Table 3. Sequential rules found for \(minutil = 40\) and \(minconf = 0.65\)

Algorithms for mining sequential rules explore the search space of rules by first finding frequent rules of size \(1*1\). Then, they recursively append items to either the left or right sides of rules to find larger rules [3]. The left expansion of a rule \(X \rightarrow Y\) with an item \(i \in I\) is defined as \(X \cup \{i \} \rightarrow Y\), where \(i \succ _{lex} j, \forall j \in X\) and \(i \not \in Y\). The right expansion of a rule \(X \rightarrow Y\) with an item \(i \in I\) is defined as \(X \rightarrow Y \cup \{i \}\), where \(i \succ _{lex} j, \forall j \in Y\) and \(i \not \in X\). Sequential rule mining algorithms prune the search space using the support because it is anti-monotonic. However, this is not the case for the utility measure, as we show thereafter.

Property 1

(antimonotonicity of utility). Let be a rule r and a rule s, which is a left expansion of r. It follows that \(u(r) < u(s)\) or \(u(r) \ge u(s)\). Similarly, for a rule t, which is a right expansion of r, \(u(r) < u(t)\) or \(u(r) \ge u(t)\).

Example 5

The rule \(\{a\} \rightarrow \{b\}\), \(\{a\} \rightarrow \{b,g\}\) and \(\{a\} \rightarrow \{b,e\}\) respectively have a utility of 10, 7 and 12.
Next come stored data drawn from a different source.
Lemma Cmod_qpoch_le_exp (n : nat) : (Cmod (qpoch x p n) <= exp (Cmod x * geom n))%R.
Proof.
  induction n as [|n IH].
  - rewrite geom_0, Rmult_0_r, exp_0. simpl. rewrite Cmod_1. lra.
  - rewrite qpoch_S, Cmod_mult, geom_S, Rmult_plus_distr_l, exp_plus.
    apply Rmult_le_compat; try apply Cmod_ge_0; [exact IH|].
    eapply Rle_trans; [apply Cmod_1_minus_le|].
    rewrite Cmod_mult, Cmod_pow. apply exp_ineq1_le.
Qed.

Lemma Cmod_qpoch_le (n : nat) : (Cmod (qpoch x p n) <= exp (Cmod x / (1 - Cmod p)))%R.
Proof.
  eapply Rle_trans; [apply Cmod_qpoch_le_exp|].
  assert (Hle : (Cmod x * geom n <= Cmod x / (1 - Cmod p))%R)
    by (apply Rmult_le_compat_l; [apply Cmod_ge_0 | apply geom_bound]).
  destruct (Rle_lt_or_eq_dec _ _ Hle) as [Hlt|Heq].
  - left. now apply exp_increasing.
  - right. now rewrite Heq.
Qed.

Lemma Cmod_qpoch_ge (n : nat) : (Cmod x <= 1 - Cmod p)%R ->
  (1 - Cmod x * geom n <= Cmod (qpoch x p n))%R.
Proof.
  intros Hx. pose proof (Cmod_ge_0 x). pose proof (Cmod_ge_0 p).
  induction n as [|n IH].
  - rewrite geom_0. simpl. rewrite Cmod_1. lra.
  - rewrite qpoch_S, Cmod_mult, geom_S.
    pose proof (Cmod_1_minus_ge (x * p ^ n)) as H1. rewrite Cmod_mult, Cmod_pow in H1. fold r in H1.
    pose proof (pow_bound_01 r n (conj (Cmod_ge_0 p) (Rlt_le _ _ Hp))).
    destruct (geom_bound n) as [Hg0 Hg1].
    assert (Hu : (0 <= Cmod x * geom n <= 1)%R).
    { split; [now apply Rmult_le_pos|].
      apply Rle_trans with ((1 - r) * / (1 - r))%R; [apply Rmult_le_compat; unfold r in *; lra|].
      right. field. unfold r. lra. }
    assert (Hv : (0 <= Cmod x * r ^ n <= 1)%R)
      by (split; [apply Rmult_le_pos|]; unfold r in *; nra).
    apply Rle_trans with ((1 - Cmod x * geom n) * (1 - Cmod x * r ^ n))%R; [nra|].
    apply Rmult_le_compat; lra.
Qed.

Lemma Cmod_qpoch_ge_half (n : nat) :
  (Cmod x <= (1 - Cmod p) / 2)%R -> (/ 2 <= Cmod (qpoch x p n))%R.
Proof.
  intros Hx. pose proof (Cmod_ge_0 x). pose proof (Cmod_ge_0 p).
  assert (Hg : (Cmod x * geom n <= / 2)%R).
  { destruct (geom_bound n).
    apply Rle_trans with ((1 - Cmod p) / 2 * / (1 - r))%R; [apply Rmult_le_compat; lra|].
    right. unfold r. field. lra. }
  pose proof (Cmod_qpoch_ge n ltac:(lra)). lra.
Qed.

End Pochhammer_bounds.

Lemma qpoch_shift_ge_half (x p : C) : (Cmod p < 1)%R ->
  exists M, forall N n, (M <= N)%nat -> (/ 2 <= Cmod (qpoch (x * p ^ N) p n))%R.
Proof.
  intros Hp. pose proof (Cmod_ge_0 p). pose proof (Cmod_ge_0 x).
  destruct (pow_lt_eventually (Cmod p) ((1 - Cmod p) / 2 / (Cmod x + 1)) ltac:(lra))
    as [M HM]; [apply Rdiv_lt_0_compat; lra|].
  exists M. intros N n HN. apply Cmod_qpoch_ge_half; [exact Hp|].
  specialize (HM N HN). rewrite Cmod_mult, Cmod_pow.
  assert (Cmod p ^ N * (Cmod x + 1) < (1 - Cmod p) / 2)%R.
  { apply (Rmult_lt_reg_r (/ (Cmod x + 1))); [apply Rinv_0_lt_compat; lra|].
    rewrite Rmult_assoc, Rinv_r by lra. lra. }
  assert (0 <= Cmod p ^ N)%R by (apply pow_le; lra). nra.
Qed.

Lemma finite_min_pos (f : nat -> R) (M : nat) : (forall n, 0 < f n)%R ->
  exists L, (0 < L)%R /\ forall n, (n <= M)%nat -> (L <= f n)%R.
Proof.
  intros Hf. induction M as [|M [L [HL HM]]].
  - exists (f 0%nat). split; [apply Hf|]. intros n Hn. replace n with 0%nat by lia. lra.
  - exists (Rmin L (f (S M))). split; [now apply Rmin_pos|].
    intros n Hn. destruct (Nat.eq_dec n (S M)) as [->|Hne]; [apply Rmin_r|].
    eapply Rle_trans; [apply Rmin_l | apply HM; lia].
Qed.

Lemma qpoch_bounded_below (x p : C) : (Cmod p < 1)%R -> (forall n, qpoch x p n <> 0) ->
  exists L, (0 < L)%R /\ forall n, (L <= Cmod (qpoch x p n))%R.
Proof.
  intros Hp Hnz. destruct (qpoch_shift_ge_half x p Hp) as [M HM].
  destruct (finite_min_pos (fun n => Cmod (qpoch x p n)) M) as [L [HL HLM]];
    [intros n; apply Cmod_gt_0, Hnz|].
  assert (HM0 : (0 < Cmod (qpoch x p M))%R) by apply Cmod_gt_0, Hnz.
  exists (Rmin L (Cmod (qpoch x p M) / 2)). split; [apply Rmin_pos; lra|].
  intros n. destruct (le_lt_dec n M) as [Hn|Hn].
  - eapply Rle_trans; [apply Rmin_l | now apply HLM].
  - eapply Rle_trans; [apply Rmin_r|].
    replace n with (M + (n - M))%nat by lia. rewrite qpoch_add, Cmod_mult.
    specialize (HM M (n - M)%nat (le_n M)). nra.
Qed.

Lemma is_lim_qpoch (x p : C) : (Cmod p < 1)%R -> is_lim_Cseq (qpoch x p) (qpinf x p).
Proof.
  intros Hp. set (d k := qpoch x p (S k) - qpoch x p k).
  assert (Hd : forall k, (Cmod (d k) <= exp (Cmod x / (1 - Cmod p)) * Cmod x * Cmod p ^ k)%R).
  { intros k. unfold d. simpl.
    replace (qpoch x p k * (1 - x * p ^ k) - qpoch x p k) with (- (qpoch x p k * x * p ^ k))
      by ring.
    rewrite Cmod_opp, !Cmod_mult, Cmod_pow.
    apply Rmult_le_compat_r; [apply pow_le, Cmod_ge_0|].
    apply Rmult_le_compat_r; [apply Cmod_ge_0 | now apply Cmod_qpoch_le]. }
  destruct (ex_series_Cmod_le d _ Hd) as [l Hl].
  { eexists. apply is_series_geom_scal. split; [apply Cmod_ge_0 | exact Hp]. }
  assert (Hsum : forall n, @eq C (sum_n d n) (qpoch x p (S n) - 1)).
  { induction n as [|n IH].
    - rewrite sum_O. unfold d. simpl. ring.
    - rewrite sum_Sn, IH. unfold d. change plus with Cplus. ring. }
  assert (Hlim : is_lim_Cseq (qpoch x p) (l + 1)).
  { apply (is_lim_Cseq_incr_n _ 1).
    eapply filterlim_ext; [|exact (is_lim_Cseq_plus _ _ _ _ Hl (is_lim_Cseq_const 1))].
    intros n. simpl. rewrite Hsum, Nat.add_1_r. ring. }
  rewrite <- (is_lim_Cseq_Clim _ _ Hlim) in Hlim. exact Hlim.
Qed.

Lemma qpinf_add (x p : C) (r : nat) : (Cmod p < 1)%R ->
  qpinf x p = qpoch x p r * qpinf (x * p ^ r) p.
Proof.
  intros Hp. apply (is_lim_Cseq_unique (fun m => qpoch x p (m + r))).
  - now apply is_lim_Cseq_incr_n, is_lim_qpoch.
  - eapply filterlim_ext;
      [|exact (is_lim_Cseq_mult _ _ _ _ (is_lim_Cseq_const _) (is_lim_qpoch (x * p ^ r) p Hp))].
    intros m. simpl. now rewrite Nat.add_comm, qpoch_add.
Qed.

Lemma qpinf_neq_0 (x p : C) : (Cmod p < 1)%R -> (forall n, qpoch x p n <> 0) -> qpinf x p <> 0.
Proof.
  intros Hp Hnz E. destruct (qpoch_bounded_below x p Hp Hnz) as [L [HL HLn]].
  assert (Hle : Rbar_le L (Cmod (qpinf x p))).
  { apply (is_lim_seq_le (fun _ => L) (fun n => Cmod (qpoch x p n)));
      [exact HLn | apply is_lim_seq_const |].
    now apply is_lim_Cseq_Cmod, is_lim_qpoch. }
  rewrite E, Cmod_0 in Hle. simpl in Hle. lra.
Qed.

(** * The q-Gauss summation *)

Section q_Gauss.
Variables (A B p : C).
Hypotheses (Hp : (Cmod p < 1)%R) (HA : A <> 0) (HB : B <> 0).

Definition gauss_term (c : C) (n : nat) : C :=
  qpoch A p n * qpoch B p n / (qpoch p p n * qpoch c p n) * (c / (A * B)) ^ n.

Lemma gauss_term_0 (c : C) : gauss_term c 0 = 1.
Proof. unfold gauss_term. simpl. field. Qed.

Lemma gauss_term_bound : exists K, (0 < K)%R /\
  forall (c : C) (L : R), (0 < L)%R -> (forall n, L <= Cmod (qpoch c p n))%R ->
  forall n, (Cmod (gauss_term c n) <= K / L * Cmod (c / (A * B)) ^ n)%R.
Proof.
  destruct (qpoch_bounded_below p p Hp) as [Lp [HLp HLpn]];
    [intros n; apply qpoch_neq_0; lra|].
  set (UA := exp (Cmod A / (1 - Cmod p))). set (UB := exp (Cmod B / (1 - Cmod p))).
  assert (0 < UA)%R by apply exp_pos. assert (0 < UB)%R by apply exp_pos.
  exists (UA * UB / Lp)%R. split; [apply Rdiv_lt_0_compat; nra|].
  intros c L HL HLn n. unfold gauss_term.
  assert (Hnz : forall y, (L <= Cmod y)%R -> y <> 0)
    by (intros y Hy E; rewrite E, Cmod_0 in Hy; lra).
  assert (Hpn := HLpn n). assert (Hcn := HLn n).
  rewrite Cmod_mult, Cmod_pow, Cmod_div, !Cmod_mult
    by (apply Cmult_neq_0; [intros E; rewrite E, Cmod_0 in Hpn; lra | now apply Hnz]).
  apply Rmult_le_compat_r; [apply pow_le, Cmod_ge_0|].
  replace (UA * UB / Lp / L)%R with (UA * UB / (Lp * L))%R by (field; lra).
  unfold Rdiv. apply Rmult_le_compat.
  - apply Rmult_le_pos; apply Cmod_ge_0.
  - apply Rlt_le, Rinv_0_lt_compat. nra.
  - apply Rmult_le_compat; try apply Cmod_ge_0; apply Cmod_qpoch_le, Hp.
  - apply Rinv_le_contravar; [nra | apply Rmult_le_compat; lra].
Qed.

Lemma ex_gauss_series (c : C) : (Cmod c < 1)%R -> (Cmod (c / (A * B)) < 1)%R ->
  exists F, is_series (gauss_term c) F.
Proof.
  intros Hc Hz. destruct (qpoch_bounded_below c p Hp) as [L [HL HLn]];
    [intros n; apply qpoch_neq_0; lra|].
  destruct gauss_term_bound as [K [HK HKn]].
  apply (ex_series_Cmod_le _ _ (HKn c L HL HLn)).
  eexists. apply is_series_geom_scal. split; [apply Cmod_ge_0 | exact Hz].
Qed.

(* Summed over n, the right-hand side telescopes. *)
Lemma gauss_term_contiguous (c : C) (n : nat) : (Cmod c < 1)%R ->
  (1 - c) * (1 - c / (A * B)) * gauss_term c n
  - (1 - c / A) * (1 - c / B) * gauss_term (c * p) n
  = (1 - c) * ((1 - p ^ n) * gauss_term c n - (1 - p ^ S n) * gauss_term c (S n)).
Proof.
  intros Hc. assert (Hp1 : (Cmod p <= 1)%R) by lra.
  assert (Hc1 : 1 - c <> 0) by now apply Cminus_1_neq_0.
  assert (Hcn := qpoch_neq_0 c p n Hc Hp1).
  assert (Hpn := qpoch_neq_0 p p n Hp Hp1).
  assert (Hcp : 1 - c * p ^ n <> 0) by now apply Cminus_1_neq_0, Cmod_mult_pow_lt_1.
  assert (Hpp : 1 - p * p ^ n <> 0) by now apply Cminus_1_neq_0, Cmod_mult_pow_lt_1.
  assert (Ecp : qpoch (c * p) p n = qpoch c p n * (1 - c * p ^ n) / (1 - c)).
  { change (qpoch c p n * (1 - c * p ^ n)) with (qpoch c p (S n)).
    rewrite qpoch_S_shift. field. exact Hc1. }
  unfold gauss_term. rewrite Ecp. simpl.
  replace (c * p / (A * B)) with (c / (A * B) * p) by (field; split; assumption).
  rewrite Cpow_mult_l. field. repeat split; assumption.
Qed.

Lemma gauss_contiguous (c F1 F2 : C) : (Cmod c < 1)%R ->
  is_series (gauss_term c) F1 -> is_series (gauss_term (c * p)) F2 ->
  (1 - c) * (1 - c / (A * B)) * F1 = (1 - c / A) * (1 - c / B) * F2.
Proof.
  intros Hc H1 H2. apply Ceq_minus.
  set (u n := (1 - c) * (1 - c / (A * B)) * gauss_term c n
              - (1 - c / A) * (1 - c / B) * gauss_term (c * p) n).
  assert (Hpartial : forall n,
    @eq C (sum_n u n) (- (1 - c) * (1 - p ^ S n) * gauss_term c (S n))).
  { induction n as [|n IH].
    - rewrite sum_O. unfold u. rewrite gauss_term_contiguous, gauss_term_0 by exact Hc.
      simpl. ring.
    - rewrite sum_Sn, IH. unfold u. rewrite gauss_term_contiguous by exact Hc.
      change plus with Cplus. ring. }
  apply (is_lim_Cseq_unique (sum_n u)).
  - exact (is_series_minus _ _ _ _ (is_series_scal_l _ _ _ H1) (is_series_scal_l _ _ _ H2)).
  - assert (Hpow : is_lim_Cseq (fun n => p ^ (n + 1)) 0)
      by exact (proj1 (is_lim_Cseq_incr_n _ 1 0) (is_lim_Cseq_pow p Hp)).
    assert (Hterm : is_lim_Cseq (fun n => gauss_term c (n + 1)) 0)
      by exact (proj1 (is_lim_Cseq_incr_n _ 1 0) (is_series_lim_0 _ _ H1)).
    replace (RtoC 0) with (- (1 - c) * (1 - 0) * 0) by ring.
    eapply filterlim_ext; [|apply is_lim_Cseq_mult; [apply is_lim_Cseq_mult|exact Hterm]];
      [| apply is_lim_Cseq_const | apply is_lim_Cseq_minus; [apply is_lim_Cseq_const | exact Hpow]].
    intros n. rewrite Hpartial, Nat.add_1_r. reflexivity.
Qed.

Definition gauss_sum (c : C) : C := Clim (sum_n (gauss_term c)).

Lemma is_series_gauss_sum (c : C) : (Cmod c < 1)%R -> (Cmod (c / (A * B)) < 1)%R ->
  is_series (gauss_term c) (gauss_sum c).
Proof.
  intros Hc Hz. destruct (ex_gauss_series c Hc Hz) as [F HF].
  replace (gauss_sum c) with F; [exact HF|].
  symmetry. exact (is_lim_Cseq_Clim (sum_n (gauss_term c)) F HF).
Qed.

Section Fixed_argument.
Variable c : C.
Hypotheses (Hc : (Cmod c < 1)%R) (Hz : (Cmod (c / (A * B)) < 1)%R).

Lemma shifted_argument_lt_1 (N : nat) :
  (Cmod (c * p ^ N) < 1)%R /\ (Cmod (c * p ^ N / (A * B)) < 1)%R.
Proof.
  split; [apply Cmod_mult_pow_lt_1; lra|].
  replace (c * p ^ N / (A * B)) with (c / (A * B) * p ^ N) by (field; split; assumption).
  apply Cmod_mult_pow_lt_1; lra.
Qed.

Lemma gauss_sum_iterate (N : nat) :
  qpoch c p N * qpoch (c / (A * B)) p N * gauss_sum c
  = qpoch (c / A) p N * qpoch (c / B) p N * gauss_sum (c * p ^ N).
Proof.
  induction N as [|N IH].
  - cbn [qpoch Cpow]. now rewrite !Cmult_1_r, !Cmult_1_l.
  - destruct (shifted_argument_lt_1 N) as [H1 H2].
    destruct (shifted_argument_lt_1 (S N)) as [H3 H4].
    replace (c * p ^ S N) with (c * p ^ N * p) in H3, H4 |- * by (simpl; ring).
    assert (Hcont := gauss_contiguous (c * p ^ N) _ _ H1
                       (is_series_gauss_sum _ H1 H2) (is_series_gauss_sum _ H3 H4)).
    rewrite !qpoch_S.
    transitivity (qpoch c p N * qpoch (c / (A * B)) p N * gauss_sum c
                  * ((1 - c * p ^ N) * (1 - c * p ^ N / (A * B)))); [field; split; assumption|].
    rewrite IH.
    transitivity (qpoch (c / A) p N * qpoch (c / B) p N
                  * ((1 - c * p ^ N) * (1 - c * p ^ N / (A * B)) * gauss_sum (c * p ^ N))); [ring|].
    rewrite Hcont. field. split; assumption.
Qed.

(* Once all (c p^N; p)_n have modulus at least 1/2, [gauss_sum (c p^N) - 1] is a tail
   dominated by a geometric series of ratio |z p^N|. *)
Lemma is_lim_gauss_sum_shift : is_lim_Cseq (fun N => gauss_sum (c * p ^ N)) 1.
Proof.
  destruct gauss_term_bound as [K [HK HKn]].
  destruct (qpoch_shift_ge_half c p Hp) as [M HM].
  set (z := c / (A * B)) in *. pose proof (Cmod_ge_0 p). pose proof (Cmod_ge_0 z).
  apply is_lim_Cseq_le with (e := fun N => (2 * K * Cmod z / (1 - Cmod z) * Cmod p ^ N)%R).
  2:{ replace (Finite 0) with (Rbar_mult (2 * K * Cmod z / (1 - Cmod z))%R 0%R)
        by (simpl; f_equal; ring).
      apply is_lim_seq_scal_l, is_lim_seq_geom. rewrite Rabs_pos_eq; lra. }
  exists M. intros N HN.
  destruct (shifted_argument_lt_1 N) as [H1 H2].
  assert (Ez : Cmod (c * p ^ N / (A * B)) = (Cmod z * Cmod p ^ N)%R)
    by (rewrite <- Cmod_pow, <- Cmod_mult; f_equal; unfold z; field; split; assumption).
  set (t := (Cmod z * Cmod p ^ N)%R) in Ez.
  assert (Ht : (0 <= t <= Cmod z)%R).
  { pose proof (pow_bound_01 (Cmod p) N ltac:(lra)). unfold t. split; nra. }
  replace (RtoC 1) with (sum_n (gauss_term (c * p ^ N)) 0) by (rewrite sum_O; apply gauss_term_0).
  eapply Rle_trans.
  - apply (Cmod_series_tail_le _ _ (2 * K) t 0); [lra | | now apply is_series_gauss_sum].
    intros m. rewrite <- Ez. replace (2 * K)%R with (K / / 2)%R by field.
    apply HKn; [lra | intros n; now apply HM].
  - simpl pow. rewrite Rmult_1_r.
    apply Rle_trans with (2 * K * t / (1 - Cmod z))%R.
    + unfold Rdiv. apply Rmult_le_compat_l; [nra | apply Rinv_le_contravar; lra].
    + right. unfold t. field. lra.
Qed.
In high-utility pattern mining, to circumvent the problem that utility is not anti-monotonic, the solution has been to use anti-monotonic upper-bounds on the utility of patterns to be able to prune the search space. Algorithms such as Two-Phase [9], IHUP [2] and UP-Growth [12] discover patterns in two phases. During the first phase, an upper-bound on the utility of patterns is calculated to prune the search space. Then, during the second phase, the exact utility of remaining patterns is calculated by scanning the database and only high-utility patterns are output. However, an important drawback of this method is that too many candidates may be generated and may need to be maintained in memory during the first phase, which degrades the performance of the algorithms. To address this issue, one-phase algorithms have been recently proposed such as FHM [5], HUI-Miner [8] and USpan [14] to mine high-utility patterns without maintaining candidates. These algorithms introduces the concept of remaining utility. For a given pattern, the remaining utility is the sum of the utility of items that can be appended to the pattern. The main upper-bound used by these algorithms to prune the search space is the sum of the utility of a pattern and its remaining utility. Since one-phase algorithms were shown to largely outperform two-phase algorithms, our goal is to propose a one-phase algorithm to mine high-utility sequential rules.

3 The HUSRM Algorithm

In the next subsections, we first present important definitions and data structures used in our proposal, the HUSRM algorithm. Then, we present the algorithm. Finally, we describe additional optimizations.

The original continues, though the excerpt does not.